1. **Check tagging is enabled**: Verify `enable-job-taggers: true` is set in `config.json`

2. **Check configuration exists**:

   ```bash
   ls -la var/tagger/apps
   ls -la var/tagger/jobclasses
   ```

3. **Check logs for errors**:

   ```bash
   ./cc-backend -server -loglevel debug
   ```

4. **Verify file permissions**: Ensure cc-backend can read the configuration files

5. **For existing jobs**: Use `./cc-backend -apply-tags` to retroactively tag jobs

### Rules Not Matching

1. **Enable debug logging**: Set `loglevel: debug` to see detailed rule evaluation
2. **Check requirements**: Ensure all requirements in the rule are satisfied
3. **Verify metrics exist**: Classification rules require job metrics to be available
4. **Check metric names**: Ensure metric names match those in your cluster configuration

### File Watch Not Working

If changes to configuration files aren't detected:

1. Restart cc-backend to reload all configuration
2. Check filesystem supports file watching (network filesystems may not)
3. Check logs for file watch setup messages

## Best Practices

1. **Start Simple**: Begin with basic rules and refine based on results
2. **Use Requirements**: Filter out irrelevant jobs early with requirements
3. **Test Incrementally**: Add one rule at a time and verify behavior
4. **Document Rules**: Use descriptive names and clear hint messages
5. **Share Parameters**: Define common thresholds in `parameters.json` for consistency
6. **Version Control**: Keep your `var/tagger/` configuration in version control
7. **Backup Before Changes**: Test new rules on a copy before deploying to production

## Examples

### Simple Application Detection

**File: `var/tagger/apps/python.txt`**

```
python
python3
\.py
```

This detects jobs running Python scripts.

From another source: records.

(* A = (A1, A2) with A1 paired with B, A2 paired with C;
   B = (B1, B2) with B1 paired with A, B2 paired with C;
   C = (C1, C2) with C1 paired with A, C2 paired with B. *)
Definition qq := ('I_2 * 'I_2)%type.

Definition Phi (u v : 'I_2) : C := if u == v then 1 else 0.

Definition Phi3 : tensor3 C qq qq qq :=
  fun a b c => Phi a.1 b.1 * Phi a.2 c.1 * Phi b.2 c.2.

(* Phi^3 is the structure tensor of 2x2 matrix multiplication: contracting it
   with X, Y, Z gives tr (X Y Z), so a decomposition of length r is an identity
   tr (X Y Z) = sum_j tr (U_j X) tr (V_j Y) tr (W_j Z), and Strassen's algorithm
   gives one of length 7.  Conversely, if r <= 6, pick i <> j with V_i U_j <> 0
   and restrict to the hyperplanes tr (U_j X) = 0 and tr (V_i Y) = 0: at most
   four terms survive.  On these hyperplanes tr (X Y Z) vanishes identically
   only for Z = 0, so the surviving forms tr (W_k _) are a basis of the dual
   space.  On the line where all but one of them vanish, the restricted form is
   a rank-one bilinear form in (X, Y), and its vanishing 2x2 minors force
   tr (adj (V_i U_j) Z) = 0.  Hence adj (V_i U_j) = 0, a contradiction. *)

From mathcomp Require Import all_boot all_algebra.
From mathcomp Require Import Rstruct complex.
From mathcomp Require Import ring.
Import GRing.Theory.

Set Implicit Arguments.
Unset Strict Implicit.
Unset Printing Implicit Defensive.
Local Open Scope ring_scope.

Section LinearAlgebra.
Variable F : fieldType.

Lemma mulmx_cover_eq0 m n k (M : 'M[F]_(m, n)) (N : 'M[F]_(m, k)) :
  (forall u : 'rV_m, u *m M = 0 \/ u *m N = 0) -> M = 0 \/ N = 0.
Proof.
move=> cover.
have [-> | nzM] := eqVneq M 0; first by left.
have [-> | nzN] := eqVneq N 0; first by right.
have nz_mul p (L : 'M[F]_(m, p)) : L != 0 -> exists u : 'rV_m, u *m L != 0.
  move=> nzL; case/boolP: [exists i, row i L != 0] => [/existsP[i iL] | /existsPn rowL].
    by exists (delta_mx 0 i); rewrite -rowE.
  by case/eqP: nzL; apply/row_matrixP => i; rewrite row0; apply/eqP/negPn/rowL.
have [u uM] := nz_mul _ M nzM.
have [v vN] := nz_mul _ N nzN.
have uN : u *m N = 0 by case: (cover u) => // /eqP; rewrite (negbTE uM).
have vM : v *m M = 0 by case: (cover v) => // /eqP; rewrite (negbTE vN).
by case: (cover (u + v)) => /eqP;
  rewrite mulmxDl ?uN ?vM ?addr0 ?add0r ?(negbTE uM) ?(negbTE vN).
Qed.

Lemma mx11_eq0 (x : 'M[F]_1) : x 0 0 = 0 -> x = 0.
Proof. by move=> x0; rewrite [x]mx11_scalar x0 raddf0. Qed.

Lemma bilinear_mul_eq0 m n (M N : 'M[F]_(m, n)) :
  (forall (u : 'rV_m) (v : 'rV_n), (u *m M *m v^T) 0 0 * (u *m N *m v^T) 0 0 = 0) ->
  M = 0 \/ N = 0.
Proof.
move=> H; apply: mulmx_cover_eq0 => u.
have [uM | uN] : (u *m M)^T = 0 \/ (u *m N)^T = 0.
  apply: mulmx_cover_eq0 => v.
  have /eqP := H u v; rewrite mulf_eq0 => /orP[] /eqP /mx11_eq0 uv0;
    [left | right]; by rewrite -[v]trmxK -trmx_mul uv0 trmx0.
- by left; rewrite -[u *m M]trmxK uM trmx0.
- by right; rewrite -[u *m N]trmxK uN trmx0.
Qed.

Lemma mxtrace_mul_eq0 n (X : 'M[F]_n) : (forall Y, \tr (X *m Y) = 0) -> X = 0.
Proof.
move=> H; apply/matrixP => i j; rewrite mxE -(H (delta_mx j i)).
rewrite /mxtrace (bigD1 i) //= big1 => [|k ki]; rewrite mxE.
  rewrite (bigD1 j) //= big1 => [|l lj]; first by rewrite !mxE !eqxx mulr1 !addr0.
  by rewrite mxE (negbTE lj) mulr0.
by rewrite big1 // => l _; rewrite mxE (negbTE ki) andbF mulr0.
Qed.

Lemma mxtrace_mul_mxvec m n (G : 'M[F]_(m, n)) (Z : 'M[F]_(n, m)) :
  \tr (G *m Z) = (mxvec Z *m (mxvec G^T)^T) 0 0.
Proof.
rewrite mxtrace_mulC /mxtrace mxE (reindex _ (curry_mxvec_bij _ _)) /=.
rewrite (eq_bigr (fun i => \sum_j Z i j * G j i)) => [|i _]; last by rewrite mxE.
by rewrite pair_bigA; apply: eq_bigr => -[i j] _; rewrite !mxE !mxvecE mxE.
Qed.

(* The rows of [G^-1] form the dual basis of the columns of [G]; [l] vanishes
   on each of them. *)
Lemma form_eq0_on_dual_lines n (G : 'M[F]_n) (l : 'cV[F]_n) :
  (forall v : 'rV_n, v *m G = 0 -> v = 0) ->
  (forall (k : 'I_n) (v : 'rV_n), (forall j, j != k -> (v *m G) 0 j = 0) -> v *m l = 0) ->
  l = 0.
Proof.
move=> injG H.
have Gu : G \in unitmx by rewrite -row_free_unit; apply: inj_row_free.
have dual_l : invmx G *m l = 0.
  apply/row_matrixP => k; rewrite row0 rowE mulmxA; apply: (H k) => j jk.
  by rewrite mulmxKV // mxE eqxx (negbTE jk).
by rewrite -(mulKVmx Gu l) dual_l mulmx0.
Qed.

End LinearAlgebra.

Lemma big_enum_pad (R : nmodType) (T : finType) (P : {pred T}) (x0 : T) m (f : T -> R) :
  (#|P| <= m)%N ->
  \sum_(k in P) f k = \sum_(t < m) if (t < #|P|)%N then f (nth x0 (enum P) t) else 0.
Proof.
move=> Pm; rewrite -big_enum (big_nth x0) big_mkord -cardE.
by rewrite (big_ord_widen m (fun t => f (nth x0 (enum P) t)) Pm) big_mkcond.
Qed.
Lemma iter_strict_drop i k : lt i k -> F i <> state_bisim tau ->
  exists x y, F i x y /\ forall j, lt i j -> ~ F j x y.
Proof.
move=> ik neq; have [s [is_ [smax sabove]]] := succ_exists wo ik.
have [_ [Fsucc _]] := iter s.
have [[x y] [Fixy nFsxy]] : exists p : T * T, F i p.1 p.2 /\ ~ F s p.1 p.2.
  apply: contrapT => nodrop; apply: neq.
  apply: upper_approx_fixpoint; first exact: upper_approx_iter.
  move=> x y Fixy; rewrite -(Fsucc i is_ smax); apply: contrapT => nFs.
  by apply: nodrop; exists (x, y).
exists x, y; split=> // j ij Fj; apply: nFsxy.
by case: (sabove j ij) => [<-|sj] //; exact: iter_antitone sj _ _ Fj.
Qed.

End Iteration.

Definition interleave (a b : nat -> bool) : nat -> bool :=
  fun n => if odd n then b n./2 else a n./2.

Lemma interleave_inj a b a' b' :
  interleave a b = interleave a' b' -> a = a' /\ b = b'.
Proof.
move=> e; split; apply/funext => n.
- by have := congr1 (fun g => g n.*2) e; rewrite /interleave odd_double doubleK.
- have := congr1 (fun g => g n.*2.+1) e.
  by rewrite /interleave /= odd_double /= uphalf_double.
Qed.

(* In a separable space a point is determined by which of the countably many
   generators contain it, which gives an injection into 2^N. *)
Lemma separable_inj {d : measure_display} {T : measurableType d} :
  separable T -> exists h : T -> (nat -> bool), injective h.
Proof.
move=> [[G [/countable_injP [idx idx_inj] mE]] sep].
pose code x n := `[< exists A, G A /\ idx A = n /\ A x >].
have codeP B z : G B -> code z (idx B) <-> B z.
  move=> GB; split; last by move=> Bz; apply/asboolP; exists B.
  move=> /asboolP [A [GA [eA Az]]].
  by rewrite -(idx_inj A B (mem_set GA) (mem_set GB) eA).
exists code => x y exy; apply: contrapT => nxy.
have [A [mA [Ax nAy]]] := sep x y nxy.
have agree B : G B -> (B x <-> B y).
  by move=> GB; rewrite -!(codeP B _ GB) exy.
rewrite mE in mA; apply: nAy; have /iffLR := sigma_agree agree mA; exact.
Qed.
Lemma rate_scaled_lower b g lam e : 0 < b < 1 -> is_Gamma b g -> is_total_rate b lam -> 0 < e ->
  exists N, forall n, (N <= n)%N ->
    (Rpower (pairs n / (INR n * INR n)) (1 - b) * (g - e) - Rpower (INR n) (2 * (b - 1))) / (1 - b)
      <= Rpower (INR n) (2 * (b - 1)) * lam n.
Proof.
move=> hb hG hlam he; have hc : 0 < 1 - b by lra.
have [d [M [hd hgamma]]] := gamma_approx_below b g hG e he.
have [N hN] := eventually_gt (2 * M).
exists (maxn 2 N) => n hn.
have hn2 : (2 <= n)%N by exact: leq_trans (leq_maxl _ _) hn.
have hnM := hN n (leq_trans (leq_maxr _ _) hn).
have hnR := INR_ge2 hn2; have [hm1 _] := pairs_bounds n hn2; have hm := pairs_pos n hn2.
have [K hK] := nat_above (pairs n / d); have hK0 := pos_INR K.
have hxd : pairs n / (INR K + 1) < d.
  apply/Rlt_div_l; first lra.
  have := Rmult_lt_compat_r d _ _ hd hK.
  have -> : pairs n / d * d = pairs n by field; lra.
  nra.
have hx0 : 0 < pairs n / (INR K + 1) by apply: Rdiv_lt_0_compat; lra.
have hxm : pairs n / (INR K + 1) <= pairs n by apply/Rle_div_l; nra.
have hMm : M < pairs n.
  have : INR n / 2 <= INR n * INR n / 4 by nra.
  lra.
have hI := hgamma _ _ hx0 hxd hMm hxm.
have hlow := rate_lower_bound b lam n K hb hlam hn2.
have hpm := Rpower_pos (pairs n) (1 - b).
have hA := Rpower_pos (INR n) (2 * (b - 1)).
have : (Rpower (pairs n) (1 - b) * (g - e) - 1) / (1 - b) <= lam n.
  apply: Rle_trans hlow; apply: Rmult_le_compat_r; first exact/Rlt_le/Rinv_0_lt_compat.
  by have := Rmult_le_compat_l _ _ _ (Rlt_le _ _ hpm) (Rlt_le _ _ hI); lra.
move=> /(Rmult_le_compat_l _ _ _ (Rlt_le _ _ hA)); apply: Rle_trans; apply: Req_le.
by rewrite -Rpower_rescale //; [field; lra | lra].
Qed.
(* Let $\pi:(X,T)\to(Y,T)$ be an almost one-to-one (respectively proximal, equicontinuous, distal) extension between minimal systems. Then for every $d\in\mathbb{N}$, $\pi^{(d)}:(N_d(X),\mathcal{G}_d(T))\to(N_d(Y),\mathcal{G}_d(T))$ is also almost one-to-one (respectively proximal, equicontinuous, distal).
   Context: $\pi^{(d)}=\pi\times\cdots\times\pi$; $N_d(X)=\overline{\{(T^{p+q}x,\dots,T^{p+dq}x)\}}$; $\mathcal{G}_d(T)=\langle T\times\cdots\times T,\ T\times T^2\times\cdots\times T^d\rangle$. For an extension $\phi:(X,G)\to(Y,G)$ with $R_\phi=\{(x,x'):\phi(x)=\phi(x')\}$: almost one-to-one means some fibre is a singleton; proximal means every pair in $R_\phi$ satisfies $\inf_g\rho(gx,gx')=0$; distal means no pair of distinct points of $R_\phi$ is proximal; equicontinuous means for every $\varepsilon>0$ there is $\delta>0$ with $\sup_g\rho(gx,gx')<\varepsilon$ whenever $(x,x')\in R_\phi$, $\rho(x,x')<\delta$. *)

From HB Require Import structures.
From mathcomp Require Import all_boot all_order all_algebra.
From mathcomp Require Import all_classical all_reals all_analysis.
Set Implicit Arguments. Unset Strict Implicit. Unset Printing Implicit Defensive.
Import Order.TTheory GRing.Theory Num.Theory.
Local Open Scope classical_set_scope.
Local Open Scope ring_scope.

(* Z-action generated by a homeomorphism T with inverse Tinv:
   iterz T Tinv n = T^n  (n : int). *)
Definition iterz {X : Type} (T Tinv : X -> X) (n : int) : X -> X :=
  match n with
  | Posz k => iter k T
  | Negz k => iter k.+1 Tinv
  end.

Definition minimal_sys {X : topologicalType} (T Tinv : X -> X) : Prop :=
  forall x : X, closure [set iterz T Tinv n x | n in [set: int]] = [set: X].

(* The diagonal-type element tau_{p,q} = T^{p+q} x T^{p+2q} x ... x T^{p+dq}
   of G_d(T) = < T x ... x T, T x T^2 x ... x T^d >, acting on X^d
   (represented as row vectors 'rV[X]_d, coordinate i <-> exponent p+(i+1)q).
   Every element of G_d(T) is of this form, and (p,q) |-> tau_{p,q} is onto. *)
Definition tau {X : Type} (T Tinv : X -> X) (d : nat) (pq : int * int)
  (M : 'rV[X]_d) : 'rV[X]_d :=
  \row_(i < d) iterz T Tinv (pq.1 + (i.+1)%:Z * pq.2) (M 0 i).

Definition Nd {X : topologicalType} (T Tinv : X -> X) (d : nat) : set 'rV[X]_d :=
  closure [set M | exists (x : X) (p q : int),
             M = \row_(i < d) iterz T Tinv (p + (i.+1)%:Z * q) x].

Definition pid {X Y : Type} (pi : X -> Y) (d : nat) (M : 'rV[X]_d) : 'rV[Y]_d :=
  map_mx pi M.

(* Properties of an extension f : (A, G) -> (B, G), where A (resp. B) is the
   invariant subset of the phase space carrying the system, and act is the
   action of the group G (on the domain). The metric rho is expressed through
   the balls of the (pseudo)metric structure: rho(x,x') < e <-> ball x e x'. *)

Definition ext_almost_one_to_one {U V : Type} (A : set U) (B : set V)
  (f : U -> V) : Prop :=
  exists y : V, B y /\ exists x : U, A `&` f @^-1` [set y] = [set x].

Definition proximal_pair {R : numDomainType} {U : pseudoMetricType R}
  {G : Type} (act : G -> U -> U) (x x' : U) : Prop :=
  forall e : R, 0 < e -> exists g : G, ball (act g x) e (act g x').

Definition ext_proximal {R : numDomainType} {U : pseudoMetricType R} {V : Type}
  {G : Type} (act : G -> U -> U) (A : set U) (f : U -> V) : Prop :=
  forall x x', A x -> A x' -> f x = f x' -> proximal_pair act x x'.

Definition ext_distal {R : numDomainType} {U : pseudoMetricType R} {V : Type}
  {G : Type} (act : G -> U -> U) (A : set U) (f : U -> V) : Prop :=
  forall x x', A x -> A x' -> f x = f x' -> proximal_pair act x x' -> x = x'.

Definition ext_equicontinuous {R : numDomainType} {U : pseudoMetricType R}
  {V : Type} {G : Type} (act : G -> U -> U) (A : set U) (f : U -> V) : Prop :=
  forall e : R, 0 < e -> exists2 delta : R, 0 < delta &
    forall x x', A x -> A x' -> f x = f x' -> ball x delta x' ->
      forall g : G, ball (act g x) e (act g x').

Arguments pid {X Y} pi d M.
Arguments tau {X} T Tinv d pq M.
Arguments Nd {X} T Tinv d _.

From HB Require Import structures.
From mathcomp Require Import all_boot all_order all_algebra.
From mathcomp Require Import all_classical all_reals all_analysis.
From mathcomp Require Import zify lra.
Import Order.TTheory GRing.Theory Num.Theory.
Local Open Scope classical_set_scope.
Local Open Scope ring_scope.

(* X^d is compact and pi x ... x pi is continuous, so it maps N_d(X), the
   closure of {(T^{p+q}x, ..., T^{p+dq}x)}, onto the closure of the image of
   that set, which is N_d(Y). Equicontinuity and distality pass to tau_{p,q}
   coordinatewise, and a singleton fibre {x} over y yields the singleton
   fibre {(x, ..., x)} over (y, ..., y).
   Two points of X^d in a common fibre are made simultaneously proximal one
   coordinate at a time, using only the diagonal action of T: if they are
   proximal on a set s of coordinates, compactness gives a limit point
   (Q0, Q1) of their joint orbit with Q0 = Q1 on s; Q0 and Q1 still lie
   coordinatewise in common fibres, so some T^n brings them close at a new
   coordinate j as well, and continuity of T^n transfers this back to a point
   of the original orbit. *)

Lemma closed_equalizer {U V : topologicalType} {f g : U -> V} :
  hausdorff_space V -> continuous f -> continuous g ->
  closed [set x | f x = g x].
Proof.
move=> hV fc gc x clx; apply: hV => A B fA gB.
have nfA : nbhs x (f @^-1` A) := fc x A fA.
have [z [fgz [Az Bz]]] := clx _ (filterI nfA (gc x B gB)).
by exists (f z); split; last rewrite fgz.
Qed.

Lemma image_closure_compact {U V : topologicalType} (f : U -> V) (A : set U) :
  compact [set: U] -> hausdorff_space V -> continuous f ->
  f @` closure A = closure (f @` A).
Proof.
move=> cU hV fc; apply/seteqP; split.
  have clf : closed (f @^-1` closure (f @` A)).
    exact: (continuous_closedP f).1 fc _ (@closed_closure _ _).
  move=> _ [x Ax <-]; apply: clf; apply: closureS Ax => a Aa.
  exact/subset_closure/imageP.
have : closed (f @` closure A).
  apply: compact_closed hV _; apply: continuous_compact.
    exact: continuous_subspaceT.
  exact: subclosed_compact (@closed_closure _ _) cU _.
by apply: subset_trans; apply/closureS/image_subset/subset_closure.
Qed.

Lemma compact_cluster_directed {W : topologicalType} {I : Type}
    (D : set I) (B : I -> set W) :
  compact [set: W] -> (exists i, D i) ->
  (forall i j, D i -> D j -> exists2 k, D k & B k `<=` B i `&` B j) ->
  (forall i, D i -> B i !=set0) ->
  exists x, forall i, D i -> closure (B i) x.
Proof.
move=> cW D0 Ddir Bne.
have PF := filter_from_proper (filter_from_filter D0 Ddir) Bne.
have [x [_ clx]] := cW _ PF (@filterT _ _ (filter_from_filter D0 Ddir)).
by exists x => i Di C Cx; apply: clx => //; exists i.
Qed.

Lemma metric_eq_ball {R : realType} {U : metricType R} (x y : U) :
  (forall e, 0 < e -> ball x e y) -> x = y.
Proof.
move=> xy; apply: (close_eq (@metric_hausdorff _ U)).
by rewrite ball_close => e; exact: xy.
Qed.

Lemma continuous_mx_entry {U : topologicalType} {m n} (i : 'I_m) (j : 'I_n) :
  continuous (fun M : 'M[U]_(m, n) => M i j).
Proof.
move=> M B nB; exists (fun k l => if (k == i) && (l == j) then B else setT).
  by move=> k l; case: ifP => [/andP[/eqP-> /eqP->] //|_]; exact: filterT.
by move=> N /(_ i j); rewrite !eqxx.
Qed.

Lemma continuous_map_mx {U V : topologicalType} {m n} {f : U -> V} :
  continuous f -> continuous (map_mx f : 'M[U]_(m, n) -> 'M[V]_(m, n)).
Proof.
move=> fc M B [P nP sPB]; exists (fun i j => f @^-1` P i j).
  by move=> i j; apply: fc; have := nP i j; rewrite mxE.
by move=> N hN; apply: sPB => i j; rewrite mxE; exact: hN.
Qed.

Lemma mx_hausdorff {U : topologicalType} {m n} :
  hausdorff_space U -> hausdorff_space 'M[U]_(m, n).
Proof.
move=> hU M N MN; apply/matrixP => i j; apply: hU => A B nA nB.
have [Z [AZ BZ]] := MN _ _ (continuous_mx_entry i j M A nA)
  (continuous_mx_entry i j N B nB).
by exists (Z i j).
Qed.

Lemma mx_compact {U : topologicalType} {m n} :
  compact [set: U] -> compact [set: 'M[U]_(m, n)].
Proof.
rewrite !compact_ultra => cU F FU _.
have [M0 _] := filter_ex (@filterT _ F _).
pose entry (ij : 'I_m * 'I_n) (M : 'M[U]_(m, n)) := M ij.1 ij.2.
have entry_onto ij : entry ij @` [set: 'M[U]_(m, n)] = [set: U].
  apply/seteqP; split => // u _.
  exists (\matrix_(i, j) if (i, j) == ij then u else M0 i j) => //.
  by rewrite /entry mxE -surjective_pairing eqxx.
have lim_entry ij :
    exists p : U, ([set entry ij @` A | A in F] : set_system U) --> p.
  have [p [_ ?]] := cU _ (ultra_image FU (entry_onto ij))
    (ex_intro2 _ _ setT filterT (entry_onto ij)).
  by exists p.
have [p Fp] := choice lim_entry.
exists (\matrix_(i, j) p (i, j)); split => // B [P nP sPB].
suff : F [set N : 'M[U]_(m, n) | forall ij, P ij.1 ij.2 (N ij.1 ij.2)].
  by apply: filterS => N PN; apply: sPB => i j; exact: (PN (i, j)).
apply: (@filter_forall _ _
  (fun ij (N : 'M[U]_(m, n)) => P ij.1 ij.2 (N ij.1 ij.2)) F _) => -[i j].
have /Fp [A FA AP] : nbhs (p (i, j)) (P i j) by have := nP i j; rewrite mxE.
by apply: filterS FA => N AN; rewrite -AP; exists N.
Qed.

Section Iterz.
Context {X : Type} (T Tinv : X -> X).
Hypotheses (hTK : cancel T Tinv) (hTinvK : cancel Tinv T).

Lemma iterzD1 (n : int) x : iterz T Tinv (n + 1) x = T (iterz T Tinv n x).
Proof.
case: n => [k|[|k]]; first by have -> : Posz k + 1 = Posz k.+1 by lia.
  by rewrite /= hTinvK.
have -> : Negz k.+1 + 1 = Negz k by rewrite !NegzE; lia.
by rewrite /= hTinvK.
Qed.

Lemma iterzN1 (n : int) x : iterz T Tinv (n - 1) x = Tinv (iterz T Tinv n x).
Proof. by rewrite -{2}(subrK 1 n) iterzD1 hTK. Qed.

Lemma iterzD (m n : int) x :
  iterz T Tinv (m + n) x = iterz T Tinv m (iterz T Tinv n x).
Proof.
case: m => k; elim: k => [|k IH].
- by rewrite add0r.
- have -> : Posz k.+1 + n = Posz k + n + 1 by lia.
  by rewrite iterzD1 IH.
- have -> : Negz 0 + n = n - 1 by rewrite NegzE; lia.
  by rewrite iterzN1.
- have -> : Negz k.+1 + n = Negz k + n - 1 by rewrite !NegzE; lia.
  by rewrite iterzN1 IH.
Qed.

End Iterz.

Lemma equivariant_iterz {X Y : Type} {T Tinv : X -> X} {S Sinv : Y -> Y}
    {f : X -> Y} :
  cancel Tinv T -> cancel S Sinv -> (forall x, f (T x) = S (f x)) ->
  forall n x, f (iterz T Tinv n x) = iterz S Sinv n (f x).
Proof.
move=> hTinvK hSK f_equiv.
have f_inv y : f (Tinv y) = Sinv (f y) by rewrite -{2}(hTinvK y) f_equiv hSK.
have iter_equiv (h : X -> X) (g : Y -> Y) : (forall x, f (h x) = g (f x)) ->
    forall k x, f (iter k h x) = iter k g (f x).
  by move=> fg; elim=> //= k IH x; rewrite fg IH.
by case=> k x; apply: iter_equiv.
Qed.

Lemma continuous_iterz {X : topologicalType} {T Tinv : X -> X} n :
  continuous T -> continuous Tinv -> continuous (iterz T Tinv n).
Proof.
have iter_cont (f : X -> X) k : continuous f -> continuous (iter k f).
  move=> fc; elim: k => [|k IH] x /=; first exact: cvg_id.
  exact: continuous_comp (IH x) (fc _).
by move=> hT hTinv; case: n => k; apply: iter_cont.
Qed.

Lemma Nd_diag {X : topologicalType} (T Tinv : X -> X) d x :
  Nd T Tinv d (\row_(i < d) x).
Proof.
apply: subset_closure; exists x, 0, 0.
by apply/matrixP => i j; rewrite !mxE mulr0.
Qed.

Lemma eq_pid_entry {X Y : Type} {f : X -> Y} {d} {M M' : 'rV[X]_d} j :
  pid f d M = pid f d M' -> f (M 0 j) = f (M' 0 j).
Proof. by move=> /(congr1 (fun N : 'rV[Y]_d => N 0 j)); rewrite !mxE. Qed.

Section Extension.
Context {R : realType} {X Y : metricType R}.
Variables (T Tinv : X -> X) (S Sinv : Y -> Y) (pi : X -> Y).
Hypotheses (cX : compact [set: X]).
Hypotheses (hT : continuous T) (hTinv : continuous Tinv).
Hypotheses (hTK : cancel T Tinv) (hTinvK : cancel Tinv T) (hSK : cancel S Sinv).
Hypotheses (hpi : continuous pi) (pi_equiv : forall x, pi (T x) = S (pi x)).

Definition mx_orbit {m n} (P : 'M[X]_(m, n)) :=
  [set map_mx (iterz T Tinv k) P | k in [set: int]].

(* The rows of P are the two points of X^d; they are simultaneously proximal
   under the diagonal action of T on the coordinates listed in s. *)
Definition proximal_on {d} (P : 'M[X]_(2, d)) (s : seq 'I_d) :=
  forall e, 0 < e -> exists n : int, {in s, forall i,
    ball (iterz T Tinv n (P 0 i)) e (iterz T Tinv n (P 1 i))}.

### Complex Classification Rule

**File: `var/tagger/jobclasses/cpuImbalance.json`**

```json
{
  "name": "CPU Load Imbalance",
  "tag": "cpu_imbalance",
  "parameters": ["core_load_imbalance_threshold_factor"],
  "metrics": ["cpu_load"],
  "requirements": ["job.numCores > 1", "job.duration > 600"],
  "variables": [
    {
      "name": "load_variance",
      "expr": "(cpu_load.max - cpu_load.min) / cpu_load.avg"
    }
  ],
  "rule": "load_variance > core_load_imbalance_threshold_factor",
  "hint": "CPU load varies by {{printf \"%.1f%%\" (load_variance * 100)}} across cores"
}
```

This detects jobs where CPU load is unevenly distributed across cores.

## Reference

### Configuration Options

**Main Configuration (`config.json`)**:

- `enable-job-taggers` (boolean, default: `false`) - Enables automatic job tagging system
  - Must be set to `true` to activate automatic tagging on job start/stop events
  - Does not affect the `-apply-tags` command line option

**Command Line Options**:

- `-apply-tags` - Apply all tagging rules to existing jobs in the database
  - Works independently of `enable-job-taggers` configuration
  - Useful for retroactively tagging jobs or re-evaluating with updated rules

### Default Configuration Location

The example configurations are provided in:

- `configs/tagger/apps/` - Example application patterns (16 applications)
- `configs/tagger/jobclasses/` - Example classification rules (3 rules)

Copy these to `var/tagger/` and customize for your environment.

### Tag Types

- `app` - Application tags (e.g., "vasp", "gromacs")
- `jobClass` - Classification tags (e.g., "lowutilization", "highload")

Tags can be queried and filtered in the ClusterCockpit UI and API.